- Excerpts from a dataset
Definition is_adjoint (f : T1 -> T2) (g : T2 -> T1) : Prop :=
  forall x y, ip2 (f x) y = ip1 x (g y).

Definition isometry (f : T1 -> T2) : Prop :=
  forall x y, ip2 (f x) (f y) = ip1 x y.

End Operators.

(* H (x) C^n is modelled as {ffun 'I_n -> H} with the sum inner product *)
Definition tens_ip (T : lmodType C) (ip : T -> T -> C) (n : nat)
  (x y : {ffun 'I_n -> T}) : C := \sum_(i < n) ip (x i) (y i).

Definition tens (T : lmodType C) (n : nat) (h : T) (v : 'cV[C]_n) : {ffun 'I_n -> T} :=
  [ffun i => v i 0 *: h].

Definition vnsq (n : nat) (v : 'cV[C]_n) : C := \sum_(i < n) `|v i 0| ^+ 2.

(* Z in B^d_n : the row [Z_1 ... Z_d] : C^n (x) C^d -> C^n has operator norm < 1 *)
Definition in_ncball (d n : nat) (Z : 'I_d -> 'M[C]_n) : Prop :=
  exists c : C, 0 <= c < 1 /\
    forall x : 'I_d -> 'cV[C]_n,
      vnsq (\sum_(j < d) Z j *m x j) <= c ^+ 2 * \sum_(j < d) vnsq (x j).

Section RowOperator.
Variables (d : nat) (H : lmodType C) (ipH : H -> H -> C).
Variables (V : {ffun 'I_d -> H} -> H) (Vadj : H -> {ffun 'I_d -> H}).
(* V = (V_1,...,V_d), Vadj = V^adj, so V_j^adj h = Vadj h j *)

Definition row_partial_isometry : Prop :=
  [/\ bounded_op (tens_ip ipH (n:=d)) ipH V,
      is_adjoint (tens_ip ipH (n:=d)) ipH V Vadj,
      (forall x, Vadj (V (Vadj (V x))) = Vadj (V x)) &
      (forall x y, tens_ip ipH (Vadj (V x)) y = tens_ip ipH x (Vadj (V y)))].

Definition CNC : Prop :=
  forall M : H -> Prop,
    lin_subspace M -> closed_set ipH M ->
    (forall (j : 'I_d) h, M h -> M (Vadj h j)) ->
    (forall h g, M h -> M g -> tens_ip ipH (Vadj h) (Vadj g) = ipH h g) ->
    forall h, M h -> h = 0.

(* Z V^adj = sum_j V_j^adj (x) Z_j acting on H (x) C^n *)
Definition ZVstar (n : nat) (Z : 'I_d -> 'M[C]_n) (x : {ffun 'I_n -> H})
  : {ffun 'I_n -> H} :=
  [ffun i => \sum_(j < d) \sum_(k < n) Z j i k *: Vadj (x k) j].

Definition ranV_tens (n : nat) (x : {ffun 'I_n -> H}) : Prop :=
  forall i, exists y, x i = V y.

(* R(V - Z) = (I - Z Vadj)(Ran V (x) C^n) *)
Definition restricted_range (n : nat) (Z : 'I_d -> 'M[C]_n) : {ffun 'I_n -> H} -> Prop :=
  fun y => exists x, ranV_tens x /\ y = x - ZVstar Z x.

Section Model.
Variables (Jinf J0 : lmodType C) (ipinf : Jinf -> Jinf -> C) (ip0 : J0 -> J0 -> C).
Variable ginf : Jinf -> {ffun 'I_d -> H}.
Variable g : forall n : nat, ('I_d -> 'M[C]_n) -> {ffun 'I_n -> J0} -> {ffun 'I_n -> H}.
Variable gadj : forall n : nat, ('I_d -> 'M[C]_n) -> {ffun 'I_n -> H} -> {ffun 'I_n -> J0}.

- Task details
Which lines belong in the answer? Exactly those from the first line of the entries through the line holding "[ffun i => v i 0 *: h].", inclusive, copied unchanged.

- Task result
Definition is_adjoint (f : T1 -> T2) (g : T2 -> T1) : Prop :=
  forall x y, ip2 (f x) y = ip1 x (g y).

Definition isometry (f : T1 -> T2) : Prop :=
  forall x y, ip2 (f x) (f y) = ip1 x y.

End Operators.

(* H (x) C^n is modelled as {ffun 'I_n -> H} with the sum inner product *)
Definition tens_ip (T : lmodType C) (ip : T -> T -> C) (n : nat)
  (x y : {ffun 'I_n -> T}) : C := \sum_(i < n) ip (x i) (y i).

Definition tens (T : lmodType C) (n : nat) (h : T) (v : 'cV[C]_n) : {ffun 'I_n -> T} :=
  [ffun i => v i 0 *: h].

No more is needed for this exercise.